About having one axiom schema for ZFC motivated after the iterative conception of sets?

Question

This posting is related to this posting, and builds its motivation from this answer to it.

Define: $\operatorname {History}(x) \iff \\\forall y \in x: y=\{c \mid \exists z : z \in y \cap x \land (c \in z \lor c\subseteq z)\}$

Define: $\operatorname {Level}(l) \iff \exists h: \operatorname {History}(h) \land l \in h$

Axioms:

SETS: for each partial function $f$ that is definable after a functional relation, we have: $$\forall a \exists l \ni a : \operatorname {Level}(l) \land \\ \forall x \in l \exists!y \in l: y=\{f(z) \mid z \in x\}$$

From this single schema one can derive all axioms of $\sf ZF$.

For $\sf ZF$-$\sf Reg.$, we just replace $\operatorname {Level}(l)$ by $\operatorname {Supertransitive}(l)$, in the above formula.

I intend to get to $\sf ZFC$ along this line of thought. One possible way is to think of having Superlevel, which is a level as big as its history. Formally:

Define: $h(l) = \{x \in l \mid \operatorname {Level}(x)\}$

Define: $\operatorname {Superlevel}(l) \iff \operatorname {Level}(l) \land l \hookrightarrow h(l)$

Where "$\hookrightarrow$" means "is injective to".

Now, we replace $\operatorname {Level}(l)$ by $\operatorname {Superlevel}(l)$ in the formula of the schema of SETS.

Is it consistent to phrase the above formula in terms of Superlevels?

Answer 1

I won't engage with the level terminology, but I believe your question is answered by the following observation.

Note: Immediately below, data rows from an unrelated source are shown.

(* Let $\Gamma$ be an abelian group containing no element of order two. Let $M_1,M_2$ be matroids on a common ground set $E$, $\psi\colon E\to\Gamma$ a labeling, and $B$ a common basis of $M_1$ and $M_2$. If $C$ is a directed cycle of $D_{M_1,M_2}(B)$ with $\psi'(C)\neq 0$ such that no directed cycle $C'$ of $D_{M_1,M_2}(B)$ with $\psi'(C')\ne 0$ satisfies $V(C')\subsetneq V(C)$, then $B\triangle V(C)$ is a common basis of $M_1$ and $M_2$.
   Context: $\psi(S):=\sum_{x\in S}\psi(x)$. For a common basis $B$ of $M_1,M_2$, the digraph $D_{M_1,M_2}(B)$ has vertex set $E$ and arcs: for each $x\in B$, $y\in E\setminus B$ with $B-x+y$ a basis of $M_1$, an arc $xy$ with label $\psi'(xy):=\psi(y)$; and for each $x\in B$, $y\in E\setminus B$ with $B-x+y$ a basis of $M_2$, an arc $yx$ with label $\psi'(yx):=-\psi(x)$. The label $\psi'(C)$ of a directed cycle is the sum of the labels of its arcs; $C$ is non-zero if $\psi'(C)\neq0$. *)

From HB Require Import structures.
From mathcomp Require Import all_boot all_order all_algebra.
Set Implicit Arguments. Unset Strict Implicit. Unset Printing Implicit Defensive.
Import GRing.Theory.
Local Open Scope ring_scope.

Definition matroid_bases (E : finType) (Bs : {set {set E}}) : Prop :=
  Bs != set0 /\
  forall B1 B2, B1 \in Bs -> B2 \in Bs ->
    forall x, x \in B1 :\: B2 ->
      exists2 y, y \in B2 :\: B1 & (y |: (B1 :\ x)) \in Bs.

Theorem. ZFC is equiconsistent with the theory ZFC + there is a closed unbounded class $C$ of fully correct cardinals $\kappa$.

A cardinal $\kappa$ is fully correct if $\varphi(a)\iff V_\kappa\models\varphi(a)$ for every formula $\varphi$ in the language of set theory and $a\in V_\kappa$. This is expressible as a scheme in ZFC, not as a single notion, and so one must take care with the metatheoretic issues here. We can write $V_\kappa\prec V$ to denote that $\kappa$ is fully correct.

The right hand side of the theorem is understood as a scheme of statements asserting that every given $\varphi$ is absolute between any $V_\kappa$ and $V$.

Proof. This is an immediate consequence of the reflection theorem and the compactness theorem. Any finite part of the scheme involves only finitely many formulas, and for these there is a class club $C$ as desired by reflection. $\Box$

The $V_\kappa$ for $\kappa\in C$ in this theory will form sufficient so-called "superlevels" in your theory, and they will satisfy all instances of your $f$-formalism replacement axiom.

The scheme is sometimes denoted $V_\kappa\prec V$, as I mentioned, but notice that this doesn't mean that $V\models (V_\kappa\models\text{ZFC})$, since we only get each instance of ZFC being true in $V_\kappa$, and this is weaker than satisfying ZFC as a theory, since $V$ itself might be $\omega$-nonstandard.

---

Update. I've realized I may have misunderstood from our discussion in the comments that you want a superlevel that satisfies every instance of replacement, which is what my answer above achieves, but it seems to me now that your desired scheme (as much as I understand from your OP) requires only that every instance of replacement is true in some superlevel. (Note also that, although you mention ZF, there is an AC issue, since if $l$ is a superlevel, then from $l$ mapping injectively into $h(l)$ will imply it is well ordered, since the levels are well ordered.)

In this case, the superlevel version is simply equivalent to, a consequence of, the level version. The reason is that in ZFC, for every particular $\varphi$, by the reflection theorem there is a club $C$ of ordinals $\lambda$ such that $\varphi$ is absolute between $V_\lambda$ and $V$. And now, the point is that every class club will contain a beth fixed point $\lambda=\beth_\lambda$, since those also form a club, and so every $\varphi$ reflects to a beth fixed point, which is a superlevel.

So the superlevel formalism seems to add nothing at all.